Fatima snickered at that admission and Rani shot her a glance.
"The only plants she has are either the pots of very normal flowers and herbs in her office and the greenhouse, which she inherited from her grandfather," Naila reported, acting as the neutral party.
"Hmm…" Fatima did know that Aloe Ayad was dealing with drugs in one way or another. Otherwise, she had no explanation for that aphrodisiac. Naila's words did bring a question to her mind. "What about the greenhouse? Can we expropriate it?"
The cultivator wasn't interested at all in the land, but in the plants the scribe may have grown. With luck, she could have access to the plants Ayad used for the aphrodisiac.
"Already done so, but it is useless," Rani explained.
It didn't surprise Fatima that her half-sister had already taken over the lands. The law allowed governors to expropriate the lands owned by criminals, though it needed either the approval of the majority of the local noble houses or the sultanah. This last clause was because it otherwise made it easy for the governor to fabricate charges against landowners.
The problem wasn't that sultanzade abused their power, though, but rather how many people they made angry through that abuse. And the outcries of the people pestered the sultanah.
"What do you mean it is useless?" Fatima said.
"The greenhouse and the house next to it are burned to the ground," Naila revealed in her monotone voice.
"To the ground, ground?" The sand-covered sultanzade asked.
"To the ground, ground." The youngest sultanzade confirmed. "There are many weird things with the scene. Not only two structures have collapsed from very potent fire, but we have seen traces of blood, a dead dweller that we presume was Ayad's, and some sets of footprints in the nearby perimeter of the oasis where this happened."
"So there was someone else?" That was all Fatima took out of the explanation.

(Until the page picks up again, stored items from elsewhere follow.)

(* For every positive integer $L$, every $Y\ge1$ and every $\varepsilon>0$, \[ S(L,Y):=\sum_{\substack{\ell\mid L^\infty\\ \ell\le Y}}\frac{\ell}{\nu(\ell)^2}\Big(\sum_{d\mid\ell}c_\ell(d)d^{1/2}\Big)^2\ll_\varepsilon Y^{\varepsilon}\tau(L), \] where $\tau$ is the divisor function.
   Context: $\nu$ is the completely multiplicative function with $\nu(p)=p+1$ for primes $p$. $\ell\mid L^\infty$ means every prime factor of $\ell$ divides $L$. The Chebyshev coefficients $c_{j,n}$ are defined by $x^n=\sum_{j=0}^n c_{j,n}U_j(x/2)$, with $U_j$ the Chebyshev polynomials of the second kind; for $d\mid\ell$, $c_\ell(d)=\prod_{p\mid\ell}c_{j_p,n_p}$ where $p^{j_p}\|d$, $p^{n_p}\|\ell$. *)

From Stdlib Require Import Reals ClassicalEpsilon.
From mathcomp Require Import all_boot.

Set Implicit Arguments.
Unset Strict Implicit.
Unset Printing Implicit Defensive.

Open Scope R_scope.

(* chebV j x = U_j(x/2): V_0 = 1, V_1 = x, V_{j+2} = x V_{j+1} - V_j. *)
Fixpoint chebV (j : nat) (x : R) : R :=
  match j with
  | O => 1
  | S j' => match j' with
            | O => x
            | S j'' => x * chebV j' x - chebV j'' x
            end
  end.

Definition cheb_coeffs (n : nat) : nat -> R :=
  epsilon (inhabits (fun _ : nat => 0))
    (fun c : nat -> R => forall x : R, x ^ n = sum_f_R0 (fun j => c j * chebV j x) n).

Definition cheb (j n : nat) : R := if (j <= n)%nat then cheb_coeffs n j else 0.

Definition nu (l : nat) : nat := \prod_(p <- primes l) (p.+1) ^ (logn p l).

Definition c_ell (l d : nat) : R :=
  foldr Rmult 1 (map (fun p => cheb (logn p d) (logn p l)) (primes l)).

(* l | L^oo : every prime factor of l divides L *)
Definition divides_pow_inf (l L : nat) : bool := all (fun p => p %| L) (primes l).

Definition inner_sum (l : nat) : R :=
  foldr Rplus 0 (map (fun d => c_ell l d * sqrt (INR d)) (divisors l)).

Definition ell_range (L : nat) (Y : R) : seq nat :=
  [seq l <- iota 1 (Z.to_nat (up Y)) |
     divides_pow_inf l L && (if Rle_dec (INR l) Y then true else false)].

Definition S_sum (L : nat) (Y : R) : R :=
  foldr Rplus 0
    (map (fun l => INR l / (INR (nu l))^2 * (inner_sum l)^2) (ell_range L Y)).

Definition tau (n : nat) : nat := size (divisors n).

From Stdlib Require Import Reals Lra ZArith ClassicalEpsilon.
From mathcomp Require Import all_boot zify.
From mathcomp Require Import Rstruct.

(* Every summand is at most 1.  The coefficient c_{j,k} counts the nonnegative
   lattice paths of length k ending at height j, so the factor of the inner sum
   at p^k || l is at most (p^(1/2) + p^(-1/2))^k, while
   l * prod_(p^k || l) (p^(1/2) + p^(-1/2))^(2k) = nu(l)^2.  Hence S(L,Y) is at
   most the number of l <= Y with l | L^oo, which by Rankin's trick is at most
   Y^eps * prod_(p | L) (1 - p^(-eps))^(-1).  A factor is at most 2 once
   p >= 2^(1/eps), and at most (1 - 2^(-eps))^(-1) for the finitely many smaller
   p; finally 2^omega(L) <= tau(L). *)

Set Implicit Arguments.
Unset Strict Implicit.
Unset Printing Implicit Defensive.

Open Scope R_scope.

Lemma big_Rplus_ge0 (I : Type) (r : seq I) (F : I -> R) :
  (forall i, 0 <= F i) -> 0 <= \big[Rplus/0]_(i <- r) F i.
Proof. by move=> F0; apply: big_ind => //; [lra | move=> u v; lra]. Qed.

Lemma Rabs_big_Rplus_le (I : Type) (r : seq I) (F : I -> R) :
  Rabs (\big[Rplus/0]_(i <- r) F i) <= \big[Rplus/0]_(i <- r) Rabs (F i).
Proof.
elim: r => [|i r IH]; first by rewrite !big_nil Rabs_R0; lra.
by rewrite !big_cons; apply: Rle_trans (Rabs_triang _ _) _; lra.
Qed.

Lemma ler_big_Rplus (I : eqType) (r : seq I) (F G : I -> R) :
  (forall i, i \in r -> F i <= G i) ->
  \big[Rplus/0]_(i <- r) F i <= \big[Rplus/0]_(i <- r) G i.
Proof.
elim: r => [|i r IH] FG; rewrite ?big_nil ?big_cons; first lra.
apply: Rplus_le_compat; first by apply: FG; rewrite mem_head.
by apply: IH => j jr; apply: FG; rewrite in_cons jr orbT.
Qed.

Lemma ler_big_Rplus_subset (I : eqType) (r s : seq I) (F : I -> R) :
  uniq r -> uniq s -> {subset r <= s} -> (forall i, 0 <= F i) ->
  \big[Rplus/0]_(i <- r) F i <= \big[Rplus/0]_(i <- s) F i.
Proof.
move=> r_uniq s_uniq sub_rs F0.
rewrite -[X in _ <= X](perm_big _ (permEl (perm_filterC (mem r) s))) big_cat /=.
have -> : \big[Rplus/0]_(i <- [seq i <- s | mem r i]) F i = \big[Rplus/0]_(i <- r) F i.
  apply: perm_big; apply: uniq_perm; [exact: filter_uniq | done |].
  move=> i; rewrite mem_filter /=.
  by apply/andP/idP => [[] // | ir]; split => //; exact: sub_rs.
rewrite -[X in X <= _]Rplus_0_r; apply: Rplus_le_compat_l; exact: big_Rplus_ge0.
Qed.

Lemma big_Rplus_const1 (I : Type) (r : seq I) : \big[Rplus/0]_(i <- r) 1 = INR (size r).
Proof. by elim: r => [|i r IH]; rewrite ?big_nil ?big_cons // IH (S_INR (size r)); ring. Qed.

"Perhaps." Naila shrugged.
"It must have been the assassins." Rani howled. "They stole my Aloe and then hid it with their trickery, telling Aaliyah that she was the assassin herself."
There was something wrong with her half-sister.
Possessiveness.
Her eyes shone in the rage of a possessive person who had been stolen from. That was dangerous as sultanzade couldn't be tied down with people. They were superior and everyone else was just a target of their reaping. Even their own blood were targets, just ones that had to be erased instead of pruned. Fatima didn't know if that possessiveness was born out of romance or simply fury at being stolen, but it was a weakness.
And weakness had to be purged.
"Either case," Fatima started, "this outcome is massively disappointing. I enjoyed my conversations with Ayad." She really hadn't, but the scribe offered her a great chance at being the next ruler of Ydaz. Having her out of the game this soon was problematic. "So what are you going to do, Rani-al-Sadina?"
The emir placed her hands on the roots of her hair and pushed it down, letting her mane flow. Her eyes shone purple with an uncontrolled flare of charm.
"Aaliyah herself has said it before," she started, her composure restored and dignified, "assassins are a scourge upon these lands. We do not negotiate with them like the fool of Hassan. We exterminate them."